The goal of the Allocation Guidelines is to determine a patient’s access
to a ventilator based on prediction of likelihood of survival and not
based on value judgements. In fact, to uphold the fairness of the
process and to ensure there would not be any decisions based on social
or economic factors, the triage committee is a third party whose
representatives are not directly involved in the care of the patient and
does not receive any demographic information.
As noted above, the Allocation Guidelines were not activated during the
COVID crisis. With an incredible show of collaboration, creativity and
immense hard work, hospitals in New York City were able to care for all
patients who had COVID. The question must now be asked, is itever fair to activate a triage process and deny access to
critical care resources if there is the option to stretch resources
further? The Institute of Medicine describes the spectrum of hospital
expansion in response to a public health emergency (30). Conventional
capacity is the normal operating capacity of a hospital. Contingency
capacity is defined as operating significantly above a hospital’s usual
capacity but is a state in which normal standards of care can be
delivered. Crisis capacity is the final stage in which hospital
resources are stretched so thin that normal standards of care cannot be
provided. It is often recommended that triage systems be activated
before a hospital enters crisis capacity as a mechanism to help avoid
providing crisis standards of care.
New York made a decision to enter crisis capacity rather than activate a
triage system. This necessarily meant that hospitals were providing
crisis standards of care to all patients rather than normal
standards of care to fewer patients. Nursing and physician ratios
were tripled, non-ICU trained physicians were caring for ICU patients
and all manner of hospital spaces were repurposed to create rooms for
ICU level patients. One particular example was the provision of
dialysis. So many critically ill patients required dialysis that
hospitals quickly ran out of machines and supplies (31). This meant that
in some cases, in a manner not consistent with typical standards of
care, patients received fewer hours of dialysis than normal or had
peritoneal dialysis as a manner of stretching the supply of dialysis to
meet the demand.
As an acknowledgment of crisis standards of care and in order to support
clinicians’ ability to continue to care for so many patients, the
governor of New York passed the Emergency Disaster Treatment Protection
Act (32). The Act’s stated purpose is to broadly protect health care
facilities and professionals from liability for the treatment of
patients during the COVID-19 pandemic.
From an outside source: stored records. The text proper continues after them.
Lemma pad1_split (v : nat -> R) n :
  pad1 d v n = (if (n < d)%N then v n else 0) + (d <= n)%N%:R.
Proof. by rewrite /pad1; case: ltnP => _; rewrite ?addr0 ?add0r. Qed.

Lemma prod_layer_input (c : 'cV[R]_d) (v : nat -> R) :
  (forall s : 'I_d, c s 0 = v s) -> forall k : 'I_(8 * d),
  (prod_in *m c + prod_in_bias) k 0 =
  prod_sign R (k %/ d) * (pad1 d v (k %% d).*2
     + prod_mix R (k %/ d) * pad1 d v (k %% d).*2.+1 + prod_shift R (k %/ d)).
Proof.
move=> hc k; rewrite !mxE.
have E (j : 'I_d) : prod_in k j * c j 0 =
    prod_sign R (k %/ d) * (((j : nat) == (k %% d).*2)%:R * v j)
    + prod_sign R (k %/ d) * prod_mix R (k %/ d) * (((j : nat) == (k %% d).*2.+1)%:R * v j).
  by rewrite /prod_in mxE hc; ring.
rewrite (eq_bigr _ (fun j _ => E j)) big_split /= -!mulr_sumr !(@sum_indicator _ d).
by rewrite !pad1_split; case: ltnP => _; case: ltnP => _; ring.
Qed.

Lemma prod_layer (c : 'cV[R]_d) (v : nat -> R) :
  (forall s : 'I_d, c s 0 = v s) -> forall s : 'I_d,
  (prod_out *m \col_k relu3 ((prod_in *m c + prod_in_bias) k 0)) s 0
   = pad1 d v (s : nat).*2 * pad1 d v (s : nat).*2.+1.
Proof.
move=> hc s; rewrite mxE -relu3_product.
under eq_bigr => k _ do rewrite [in X in _ * X]mxE (prod_layer_input hc) /prod_out mxE -mulrA.
by rewrite (@sum_block_at _ 8 d (fun q j => prod_weight R q * relu3 (prod_sign R q *
  (pad1 d v j.*2 + prod_mix R q * pad1 d v j.*2.+1 + prod_shift R q)))) //.
Qed.

End ProductLayer.

Section ProductNet.
Variable R : realType.

(* Each affine
   output map is folded into the input map of the next layer. *)
Fixpoint product_net (d' e : nat) :
    forall K, 'M[R]_(d'.+1, K) -> 'cV[R]_(d'.+1) -> net R K 1 :=
  match e with
  | 0 => fun K D bD => Out (\matrix_(a < 1, k < K) D ord0 k) (\col_(a < 1) bD ord0 0)
  | e'.+1 => fun K D bD =>
      Hidden (prod_in R d'.+1 *m D) (prod_in R d'.+1 *m bD + prod_in_bias R d'.+1)
        (fun _ => @relu3 R) (@product_net d' e' _ (prod_out R d'.+1) 0)
  end.
Arguments product_net d' e {K}.

Lemma product_net_eval d' e K (D : 'M[R]_(d'.+1, K)) bD (y : 'cV[R]_K) (v : nat -> R) :
  (forall s : 'I_d'.+1, (D *m y + bD) s 0 = v s) ->
  net_eval (product_net d' e D bD) y 0 0 = tree_prod d'.+1 e v.
Proof.
elim: e K D bD y v => [|e IH] K D bD y v hv /=.
  rewrite /pad1 /= -(hv ord0) !mxE; congr (_ + _).
  by apply: eq_bigr => k _; rewrite !mxE.
apply: IH => s; rewrite addr0.
have -> : prod_in R d'.+1 *m D *m y + (prod_in R d'.+1 *m bD + prod_in_bias R d'.+1)
        = prod_in R d'.+1 *m (D *m y + bD) + prod_in_bias R d'.+1.
  by rewrite mulmxDr mulmxA addrA.
exact: prod_layer hv s.
Qed.

Lemma product_net_depth d' e K (D : 'M[R]_(d'.+1, K)) bD :
  net_depth (product_net d' e D bD) = e.+1.
Proof. by elim: e K D bD => [|e IH] K D bD //=; rewrite IH. Qed.

Lemma product_net_width d' e W K (D : 'M[R]_(d'.+1, K)) bD :
  (K <= W)%N -> (8 * d'.+1 <= W)%N -> (1 <= W)%N ->
  net_width_le W (product_net d' e D bD).
Proof. by elim: e K D bD => [|e IH] K D bD hK h8 h1 //=; split => //; apply: IH. Qed.

Lemma product_net_acts d' e K (D : 'M[R]_(d'.+1, K)) bD :
  net_acts_in (fun rho => rho = @relu3 R) (product_net d' e D bD).
Proof. by elim: e K D bD => [|e IH] K D bD //=; split. Qed.

End ProductNet.
Arguments product_net {R} d' e {K}.

Section SplineForm.
Variable R : realType.
Variable l : nat.
Hypothesis l_gt0 : (0 < l)%N.
Implicit Types (i a : int) (c p : nat -> R) (x : R).

Lemma knot_confluent a (n : nat) : (0 < n)%N ->
  knot R l (a + n%:Z) = knot R l a -> knot R l a = 0 \/ knot R l a = 1.
Proof.
move=> hn; rewrite /knot.
case: (lerP a 0) => ha; first by left.
case: (lerP (l%:Z) a) => hla; first by right.
have hL : (0 : R) < l%:R by rewrite ltr0n.
have han : ~~ (a + n%:Z <= 0) by rewrite -ltNge; apply: ltr_wpDr.
rewrite (negbTE han) => E; exfalso.
have hal : (a%:~R : R) < l%:R by rewrite -[l%:R]/((l%:Z)%:~R : R) ltr_int.
case: (lerP (l%:Z) (a + n%:Z)) E => _ E.
  move: E => /(congr1 (fun z => z * l%:R)); rewrite mul1r divfK ?gt_eqF // => E.
  by move: hal; rewrite -E ltxx.
move: E => /(congr1 (fun z => z * l%:R)); rewrite !divfK ?gt_eqF //.
move/eqP; rewrite intrD -subr_eq0 addrAC subrr add0r pnatr_eq0 => /eqP hn0.
by move: hn; rewrite hn0.
Qed.

Definition spline_form i c p x : R :=
  \sum_(m < 5) c m * relu3 (x - knot R l (i + (m : nat)%:Z))
  + \sum_(k < 4) p k * x ^+ k.

Lemma spline_formD i c1 p1 c2 p2 (a b : R) x :
  spline_form i (fun m => a * c1 m + b * c2 m) (fun k => a * p1 k + b * p2 k) x
  = a * spline_form i c1 p1 x + b * spline_form i c2 p2 x.
Proof.
rewrite /spline_form !mulrDr !mulr_sumr addrACA -!big_split /=.
by congr (_ + _); apply: eq_bigr => m _; ring.
Qed.

Lemma spline_formZ i c p (a : R) x :
  spline_form i (fun m => a * c m) (fun k => a * p k) x = a * spline_form i c p x.
Proof.
rewrite /spline_form mulrDr !mulr_sumr.
by congr (_ + _); apply: eq_bigr => m _; rewrite mulrA.
Qed.

Lemma spline_form_knot i (m0 : nat) x : (m0 < 5)%N ->
  spline_form i (fun m => (m == m0)%:R) (fun _ => 0) x = relu3 (x - knot R l (i + m0%:Z)).
Proof.
move=> hm; rewrite /spline_form [X in _ + X]big1 ?addr0 => [|k _]; last by rewrite mul0r.
by rewrite (@sum_indicator _ 5 (fun m => relu3 (x - knot R l (i + m%:Z)))) hm.
Qed.

Lemma spline_form_poly i p x :
  spline_form i (fun _ => 0) p x = \sum_(k < 4) p k * x ^+ k.
Proof. by rewrite /spline_form big1 ?add0r // => m _; rewrite mul0r. Qed.

End SplineForm.

Section ConfluentDividedDifferences.
Variable R : realType.
Implicit Types x : R.

Lemma near_derive1n (f h : R -> R) (t0 : R) k :
  (\forall t \near t0, f t = h t) -> derive1n k f t0 = derive1n k h t0.
Proof.
move=> H.
suff : \forall t \near t0, derive1n k f t = derive1n k h t by move/nbhs_singleton.
elim: k => [|k IH] //; move: IH => /near_join; apply: filterS => t Ht.
by rewrite !derive1nS !derive1E; exact: near_eq_derive.
Qed.

Lemma derive1n_horner (P : {poly R}) k : derive1n k (horner P) = horner (P^`(k)).
Proof.
elim: k => [|k IH]; first by rewrite derivn0.
by rewrite derive1nS IH -derivE derivnS.
Qed.

Lemma derive1n_cst0 k : derive1n k (fun _ : R => (0 : R)) = fun _ => 0.
Proof.
elim: k => [|k IH] //; rewrite derive1nS IH.
by apply/funext => t; rewrite (derive1_cst (0 : R^o)).
Qed.

(* Coefficient of x^j t^k in (x - t)^3. *)
Definition cube_coef (k j : nat) : R :=
  if (k + j == 3)%N then (-1) ^+ k * 'C(3, k)%:R else 0.

Lemma coef_cube x k :
  ((x%:P - 'X) ^+ 3)`_k = \sum_(j < 4) cube_coef k j * x ^+ j.
Proof.
have -> : (x%:P - 'X) ^+ 3 = (x ^+ 3)%:P - (3%:R * x ^+ 2)%:P * 'X
           + (3%:R * x)%:P * 'X ^+ 2 - 'X ^+ 3.
  by rewrite !polyCM polyC_natr; ring.
rewrite !big_ord_recr big_ord0 /= /cube_coef.
rewrite !(coefB, coefD, coefN, coefCM, coefC, coefX, coefXn).
have bin32 : 'C(3, 2) = 3%N by [].
by case: k => [|[|[|[|k]]]] /=; rewrite ?bin0 ?bin1 ?binn ?bin32; ring.
Qed.

(* At a confluent knot 0 < x, sigma(x - t) is the polynomial (x - t)^3 in t, so the
   confluent divided difference is its k-th Taylor coefficient, a cubic in x. *)
Lemma confluent_at0 k x : 0 < x ->
  derive1n k (fun t => relu3 (x - t)) 0 / (k`!)%:R = \sum_(j < 4) cube_coef k j * x ^+ j.
Proof.
move=> hx.
have near0 : \forall t \near (0 : R), relu3 (x - t) = ((x%:P - 'X) ^+ 3).[t].
  move: (lt_nbhsl hx); apply: filterS => t ht.
  by rewrite relu3_ge0 ?subr_ge0 ?ltW // !hornerE.
rewrite (near_derive1n _ near0) derive1n_horner horner_coef0 coef_derivn addn0.
by rewrite ffactnn -[_ *+ _]mulr_natr mulfK ?pnatr_eq0 -?lt0n ?fact_gt0 // coef_cube.
Qed.

(* At a confluent knot x < 1, sigma(x - t) vanishes near t = 1. *)
Lemma confluent_at1 k x : x < 1 -> derive1n k (fun t => relu3 (x - t)) 1 = 0.
Proof.
move=> hx.
have near1 : \forall t \near (1 : R), relu3 (x - t) = (fun _ => 0) t.
  move: (lt_nbhsr hx); apply: filterS => t ht.
  by rewrite relu3_le0 // subr_le0 ltW.
by rewrite (near_derive1n _ near1) derive1n_cst0.
Qed.

End ConfluentDividedDifferences.

Section BSplineForm.
Variable R : realType.
Variable l : nat.
Hypothesis l_gt0 : (0 < l)%N.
The Act shields health care
professionals from civil and criminal liability in connection with
services provided to any patient as a result of and during the COVID-19
crisis, so long as decisions are made in good faith. For decisions that
are alleged to be unlawful, the Act also provides immunity if they
result “from a resource or staffing shortage.” Such legal protections
were imperative to allow healthcare workers to continue to practice in
the crisis environment but also are a recognition that the provision of
crisis standards of care may contribute to adverse events.
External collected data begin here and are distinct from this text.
Definition netAnn (v : 'I_6 -> K) : Prop :=
  forall z, netNull z -> \sum_j v j * z j = 0.

(* Like a quadratic polynomial, an annihilator vanishing at three indices is
   zero: test it against a null vector supported on the other three. *)
Lemma netAnn_vanish3 v a b c : netAnn v -> a != b -> a != c -> b != c ->
  v a = 0 -> v b = 0 -> v c = 0 -> forall t, v t = 0.
Proof.
move=> vA ab ac bc va vb vc t.
have v_abc x : x \in (a |: [set b; c]) -> v x = 0 by rewrite !inE => /or3P [] /eqP->.
have [/v_abc //|t_abc] := boolP (t \in (a |: [set b; c])).
have : #|~: (t |: (a |: [set b; c]))| == 2%N.
  by rewrite cardsCs setCK card_ord cardsU1 t_abc cardsU1 cards2 !inE negb_or ab ac bc.
case/cards2P => m1 [m2 [m12 compl]].
have [z [zN z1 z2 z_nz]] := netNull_avoiding m12.
have zt : z t != 0.
  have : t \notin ~: (t |: (a |: [set b; c])) by rewrite !inE eqxx.
  by rewrite compl !inE negb_or => /andP [tm1 tm2]; apply: z_nz.
move: (vA z zN); rewrite (bigD1 t) //= big1 ?addr0 => [/eqP|j jt].
  by rewrite mulf_eq0 (negPf zt) orbF => /eqP.
have [/v_abc->|j_abc] := boolP (j \in (a |: [set b; c])); first by rewrite mul0r.
have : j \in ~: (t |: (a |: [set b; c])) by rewrite in_setC in_setU1 negb_or jt.
by rewrite compl !inE => /orP [] /eqP->; rewrite ?z1 ?z2 mulr0.
Qed.

Definition onS (y : 'cV[K]_6) : Prop := y != 0 /\ netNull (fun j => y j 0 ^+ 2).

Lemma inS_onS p : inS theta p <-> onS (piMx theta *m p).
Proof.
have Vp0 : (piMx theta *m p == 0) = (p == 0).
  apply/eqP/eqP => [Vp|->]; last exact: mulmx0.
  by rewrite -(mulKmx piMx_unit p) Vp mulmx0.
by rewrite /inS /onS Vp0.
Qed.

Lemma onS_rescale s y : (forall k, s k ^+ 2 = 1) -> onS y -> onS (rescale s y).
Proof.
move=> s2 [y_nz yN]; split.
  apply: contra y_nz => /eqP sy0; apply/eqP/colP => k.
  have := congr1 (fun X : 'cV_6 => s k * X k 0) sy0.
  by rewrite !mxE mulrA -expr2 s2 mul1r mulr0.
move=> i i3; rewrite -[RHS](yN i i3).
by apply: eq_bigr => j _; rewrite mxE exprMn s2 mul1r.
Qed.

Lemma onS_sqrt z : netNull z -> (exists k, z k != 0) ->
  exists2 y, onS y & forall k, y k 0 ^+ 2 = z k.
Proof.
move=> zN [k zk].
have sqrt x : exists r : K, r ^+ 2 == x.
  have /closed_rootP [r] : size ('X^2 - x%:P : {poly K}) != 1%N by rewrite size_XnsubC.
  by rewrite rootE hornerD hornerN hornerXn hornerC subr_eq0 => r2; exists r.
pose y : 'cV[K]_6 := \col_k xchoose (sqrt (z k)).
have y2 k' : y k' 0 ^+ 2 = z k' by rewrite mxE (eqP (xchooseP (sqrt (z k')))).
exists y => //; split.
  by apply: contra zk => /eqP y0; rewrite -y2 y0 mxE expr0n.
by move=> i i3; rewrite -[RHS](zN i i3); apply: eq_bigr => j _; rewrite y2.
Qed.

Lemma onS_generic a b : a != b -> exists y, [/\ onS y, y a 0 != 0 & y b 0 != 0].
Proof.
move=> ab.
have : (1 < #|~: [set a; b]|)%N by rewrite cardsCs setCK card_ord cards2 ab.
case/card_gt1P => m1 [m2 [m1ab m2ab m12]].
have [z [zN _ _ z_nz]] := netNull_avoiding m12.
move: m1ab m2ab; rewrite !inE !negb_or => /andP [m1a m1b] /andP [m2a m2b].
have za : z a != 0 by apply: z_nz; rewrite eq_sym.
have zb : z b != 0 by apply: z_nz; rewrite eq_sym.
have [y yS y2] := onS_sqrt zN (ex_intro _ a za).
exists y; split => //; [move: za | move: zb];
  by apply: contra => /eqP y0; rewrite -y2 y0 expr0n.
Qed.

Definition netForm (Q : {poly K}) : 'rV[K]_6 := \row_j (Q.[theta j] * omega theta j).

Lemma netFormB c1 c2 Q1 Q2 :
  netForm (c1 *: Q1 - c2 *: Q2) = c1 *: netForm Q1 - c2 *: netForm Q2.
Proof. by apply/rowP => j; rewrite !mxE hornerD hornerN !hornerZ; ring. Qed.

(* From now on Minv is a left inverse of M and maps S into S (in GL(S),
   M^-1 is the pi-conjugate of A^-1). *)
Section ColumnSupport.
Variables (M Minv : 'M[K]_6).
Hypothesis char2 : (2%:R : K) != 0.
Hypothesis MinvK : Minv *m M = 1%:M.
Hypothesis Minv_onS : forall y, onS y -> onS (Minv *m y).

(* The quadrics of the net, pulled back by Minv, still vanish on S. *)
Lemma qform_onS Q y : (size Q <= 3)%N -> onS y -> qform Minv (netForm Q) y = 0.
Proof.
move=> sQ /Minv_onS [_ yN]; rewrite -[RHS](netNull_poly yN sQ).
by apply: eq_bigr => k _; rewrite mxE mulrA.
Qed.

(* ... hence, by qform_cross applied at a point of S with y_a, y_b != 0,
   their Gram matrices are diagonal. *)
Lemma gram_offdiag Q a b : (size Q <= 3)%N -> a != b -> gram Minv (netForm Q) a b = 0.
Proof.
move=> sQ ab; have [y [yS ya yb]] := onS_generic ab.
have sign2 k : (sign_at K a k * sign_at K b k) ^+ 2 = 1.
  by rewrite exprMn !sign_at_sqr mulr1.
have := qform_cross Minv (netForm Q) y ab.
rewrite (qform_onS sQ yS) (qform_onS sQ (onS_rescale (@sign_at_sqr _ _ a) yS)).
rewrite (qform_onS sQ (onS_rescale (@sign_at_sqr _ _ b) yS)) (qform_onS sQ (onS_rescale sign2 yS)).
have eight : (8%:R : K) != 0.
  by rewrite (_ : 8 = 2 * 2 * 2)%N // !natrM !mulf_neq0.
rewrite subrr subrr addr0 => /esym/eqP.
by rewrite !mulf_eq0 (negPf eight) (negPf ya) (negPf yb) !orbF => /eqP.
Qed.

(* The Gram diagonal annihilates null vectors: realize z as squares of a
   point of S. *)
Lemma gram_diag_ann Q : (size Q <= 3)%N -> netAnn (fun a => gram Minv (netForm Q) a a).
Proof.
move=> sQ z zN.
case: (pickP (fun k => z k != 0)) => [k zk | z0]; last first.
  by apply: big1 => k _; rewrite (eqP (negbFE (z0 k))) mulr0.
have [y yS y2] := onS_sqrt zN (ex_intro _ k zk).
transitivity (qform Minv (netForm Q) y); last exact: qform_onS sQ yS.
rewrite qform_expand; apply: eq_bigr => a _.
rewrite (bigD1 a) //= big1 ?addr0 => [|b ba]; first by rewrite -expr2 y2.
by rewrite gram_offdiag ?mul0r // eq_sym.
Qed.

Lemma gram_diag_eq0 Q : (size Q <= 3)%N ->
  (forall a, gram Minv (netForm Q) a a = 0) -> Q = 0.
Proof.
move=> sQ diag0.
have G0 : gram Minv (netForm Q) = 0.
  apply/matrixP => a b; rewrite [RHS]mxE.
  by have [<-|ab] := eqVneq a b; [exact: diag0 | exact: gram_offdiag].
have D0 : diag_mx (netForm Q) = 0 by rewrite -(gram_inverse _ MinvK) G0 mulmx0 mul0mx.
apply: theta_roots_eq0 => [|j]; first exact: leq_trans sQ _.
have := congr1 (fun X : 'M[K]_6 => X j j) D0; rewrite !mxE eqxx mulr1n.
by move/eqP; rewrite mulf_eq0 (negPf (omega_neq0 j)) orbF.
Qed.

(* If Q(theta_j) = 0 then M^T G M e_j = 0, so the Gram diagonal G vanishes on
   the support of column j of M. *)
Lemma gram_diag_support Q j k : (size Q <= 3)%N -> root Q (theta j) -> M k j != 0 ->
  gram Minv (netForm Q) k k = 0.
Proof.
move=> sQ Qj Mkj.
have MTu : M^T \in unitmx by rewrite unitmx_tr; exact: (mulmx1_unit MinvK).2.
have c0 : gram Minv (netForm Q) *m col j M = 0.
  suff : M^T *m (gram Minv (netForm Q) *m col j M) = 0.
    by move/(congr1 (mulmx (invmx M^T))); rewrite mulKmx // mulmx0.
  rewrite colE [gram _ _ *m _]mulmxA 2![M^T *m _]mulmxA (gram_inverse _ MinvK) mul_diag_mx.
  apply/colP => a; rewrite !mxE.
  by case: eqP => [->|_]; rewrite ?(eqP Qj) ?mul0r ?mulr0.
have := congr1 (fun X : 'cV[K]_6 => X k 0) c0; rewrite [LHS]mxE [RHS]mxE.
rewrite (bigD1 k) //= big1 ?addr0 => [|b bk]; last by rewrite gram_offdiag ?mul0r // eq_sym.
by move/eqP; rewrite [col j M k 0]mxE mulf_eq0 (negPf Mkj) orbF => /eqP.
Qed.

(* If k != k' were two, then
   the Gram diagonals w_1, w_2 of X - theta_j and X (X - theta_j) vanish at
   k, k', so w_2(t) w_1 - w_1(t) w_2 vanishes at k, k', t, hence is zero;
   injectivity gives w_2(t) (X - theta_j) = w_1(t) X (X - theta_j) with
   w_1(t) != 0, contradicting the degrees. *)
Lemma column_support j k k' : M k j != 0 -> M k' j != 0 -> k = k'.
Proof.
move=> Mkj Mk'j; apply/eqP; apply: contraT => kk'.
pose w Q a : K := gram Minv (netForm Q) a a.
have [t tk tk'] : exists2 t, t != k & t != k'.
  have : (0 < #|~: [set k; k']|)%N by rewrite cardsCs setCK card_ord cards2 kk'.
  by case/card_gt0P => t; rewrite !inE negb_or => /andP [tk tk']; exists t.
have w_eq0 Q : (size Q <= 3)%N -> root Q (theta j) -> w Q t = 0 -> Q = 0.
  move=> sQ rQ wt; apply: (gram_diag_eq0 sQ).
  apply: (netAnn_vanish3 (gram_diag_ann sQ) kk' _ _ _ _ wt); rewrite 1?eq_sym //.
    exact: gram_diag_support sQ rQ Mkj.
  exact: gram_diag_support sQ rQ Mk'j.
pose Q1 : {poly K} := 'X - (theta j)%:P.
pose Q2 : {poly K} := Q1 * 'X.
have Q1_nz : Q1 != 0 by rewrite -size_poly_eq0 size_XsubC.
have sQ1 : (size Q1 <= 3)%N by rewrite size_XsubC.
have sQ2 : size Q2 = 3%N by rewrite size_mulX // size_XsubC.
have rQ1 : root Q1 (theta j) by rewrite root_XsubC.
have rQ2 : root Q2 (theta j) by rewrite rootM rQ1.
have wQ1 : w Q1 t != 0 by apply: contra Q1_nz => /eqP /(w_eq0 _ sQ1 rQ1) ->.
have : w Q2 t *: Q1 - w Q1 t *: Q2 = 0.
  apply: w_eq0.
  - rewrite (leq_trans (size_polyD _ _)) // size_polyN geq_max.
    by rewrite !(leq_trans (size_scale_leq _ _)) ?sQ2.
  - by rewrite rootE hornerD hornerN !hornerZ (eqP rQ1) (eqP rQ2) !mulr0 subrr.
  - by rewrite /w netFormB gram_combine mulrC subrr.
move/eqP; rewrite subr_eq0 => /eqP scaled_eq.
have := congr1 (fun p : {poly K} => size p) scaled_eq; rewrite /= (size_scale _ wQ1) sQ2 => sz.
by move: (size_scale_leq (w Q2 t) Q1); rewrite sz size_XsubC.
Qed.

End ColumnSupport.

Definition piConj (A : 'M[K]_6) : 'M[K]_6 := piMx theta *m A *m invmx (piMx theta).

Lemma piConjE A : piMx theta *m A = piConj A *m piMx theta.
Proof. by rewrite /piConj mulmxKV // piMx_unit. Qed.

Lemma GLS_monomial A : (2%:R : K) != 0 -> inGLS theta A ->
  exists2 tau, injective tau & forall k j, piConj A k j != 0 -> k = tau j.
Proof.
move=> char2 [Au AS]; have Vu := piMx_unit.
apply: monomial_support.
  by rewrite !unitmx_mul Au Vu unitmx_inv Vu.
have invK : piConj (invmx A) *m piConj A = 1%:M.
  by rewrite /piConj !mulmxA mulmxKV // -(mulmxA _ (invmx A)) mulVmx // mulmx1 mulmxV.
apply: (column_support char2 invK) => y yS.
pose p := invmx (piMx theta) *m y.
have yp : y = piMx theta *m p by rewrite mulKVmx.
have -> : piConj (invmx A) *m y = piMx theta *m (invmx A *m p).
  by rewrite yp /piConj !mulmxA mulmxKV.
by apply/inS_onS/AS; rewrite mulKVmx //; apply/inS_onS; rewrite -yp.
Qed.

Definition signs (T : {set 'I_6}) : 'rV[K]_6 := \row_j (if j \in T then -1 else 1).

Lemma piMx_eps T : piMx theta *m epsSet theta T = diag_mx (signs T) *m piMx theta.
Proof. by rewrite /epsSet !mulmxA mulmxV ?piMx_unit // mul1mx. Qed.

Lemma piMx_frakp m a : (piMx theta *m frakp theta m) a 0 = (theta a - theta m) / omega theta a.
Proof.
rewrite !mxE !big_ord_recl big_ord0 /= !mxE /=.
by rewrite !mulr0 !addr0 expr0 expr1 mulr1 mul1r mulrDl addrC [_^-1 * _]mulrC.
Qed.

(* If A is monomial with pattern tau in pi-coordinates and eps_T A maps p_i
   to p_(sigma i), then tau = sigma: the image of p_i vanishes only in the
   coordinate tau i. *)
Lemma monomial_frakp A T (sigma : 'I_6 -> 'I_6) tau :
  injective tau -> (forall k j, piConj A k j != 0 -> k = tau j) ->
  (forall i, peq (epsSet theta T *m A *m frakp theta i) (frakp theta (sigma i))) ->
  forall i, tau i = sigma i.
Proof.
move=> tau_inj tau_supp hsigma i; have [c c_nz eq_c] := hsigma i.
have := congr1 (fun X : 'cV_6 => (piMx theta *m X) (tau i) 0) eq_c.
rewrite /= -scalemxAr [RHS]mxE piMx_frakp (mulmxA _ (_ *m A)) (mulmxA _ (epsSet _ _)).
rewrite piMx_eps -(mulmxA _ _ A) piConjE -!(mulmxA (diag_mx _)) -(mulmxA (piConj A)).
rewrite mul_diag_mx mxE [X in _ * X = _]mxE big1 => [|a _]; last first.
  have [->|ai] := eqVneq a i; first by rewrite piMx_frakp subrr mul0r mulr0.
  have [|/tau_supp/tau_inj ia] := eqVneq (piConj A (tau i) a) 0; first by move->; rewrite mul0r.
  by rewrite ia eqxx in ai.
move/esym/eqP; rewrite mulr0 !mulf_eq0 (negPf c_nz) invr_eq0 (negPf (omega_neq0 _)) /=.
by rewrite orbF subr_eq0 => /eqP /theta_inj.
Qed.

End PiCoordinates.

Unset Implicit Arguments.
Set Strict Implicit.

Theorem mainTheorem9 (K : closedFieldType) (h2 : (2%:R : K) != 0)
    (F : {poly K}) (theta : 'I_6 -> K)
    (hF : size F = 7%N) (hroots : forall i, root F (theta i))
    (hinj : injective theta)
    (A : 'M[K]_6) (hA : inGLS theta A)
    (T : {set 'I_6})
    (hT : forall p, inDelta0 p <-> inDelta0 (epsSet theta T *m A *m p))
    (sigma : {perm 'I_6})
    (hsigma : forall i, peq (epsSet theta T *m A *m frakp theta i) (frakp theta (sigma i))) :
  forall (i : 'I_6) (p : 'cV[K]_6), inS theta p ->
    peq (A *m eps theta i *m p) (eps theta (sigma i) *m A *m p).
Proof.
move=> i p _; exists 1; first exact: oner_neq0.
have [tau tau_inj tau_supp] := GLS_monomial hinj h2 hA.
have tau_sigma := monomial_frakp hinj tau_inj tau_supp hsigma.
have commute : piConj theta A *m diag_mx (signs K [set i])
             = diag_mx (signs K [set sigma i]) *m piConj theta A.
  apply: (monomial_diag_commute tau_supp) => j.
  by rewrite !mxE !inE tau_sigma (inj_eq perm_inj).
(* In pi-coordinates both sides become diag(signs [set sigma i]) M V. *)
rewrite scale1r; congr (_ *m p); apply: (can_inj (mulKmx (piMx_unit hinj))).
have conjE := piConjE hinj; have epsE := piMx_eps hinj.
rewrite mulmxA conjE -(mulmxA (piConj theta A)) epsE (mulmxA (piConj theta A)) commute.
by rewrite (mulmxA (piMx theta)) epsE -[RHS]mulmxA conjE [RHS]mulmxA.
Qed.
While there are many ongoing conversations about whether New York should
have activated triage systems, I have never been prouder of my city and
my colleagues for their response to the COVID crisis. Taking care of
nearly 120,000 New York City patients required perseverance, courage,
resourcefulness and a willingness to accept personal risk. It will be
months before we have outcomes data on the COVID patients and even
longer before we will fully understand the consequences of our decision
to treat all New Yorkers. But until then, we can stand tall in the
knowledge that while our healthcare system was under unprecedented
stress, we performed heroically and fairly.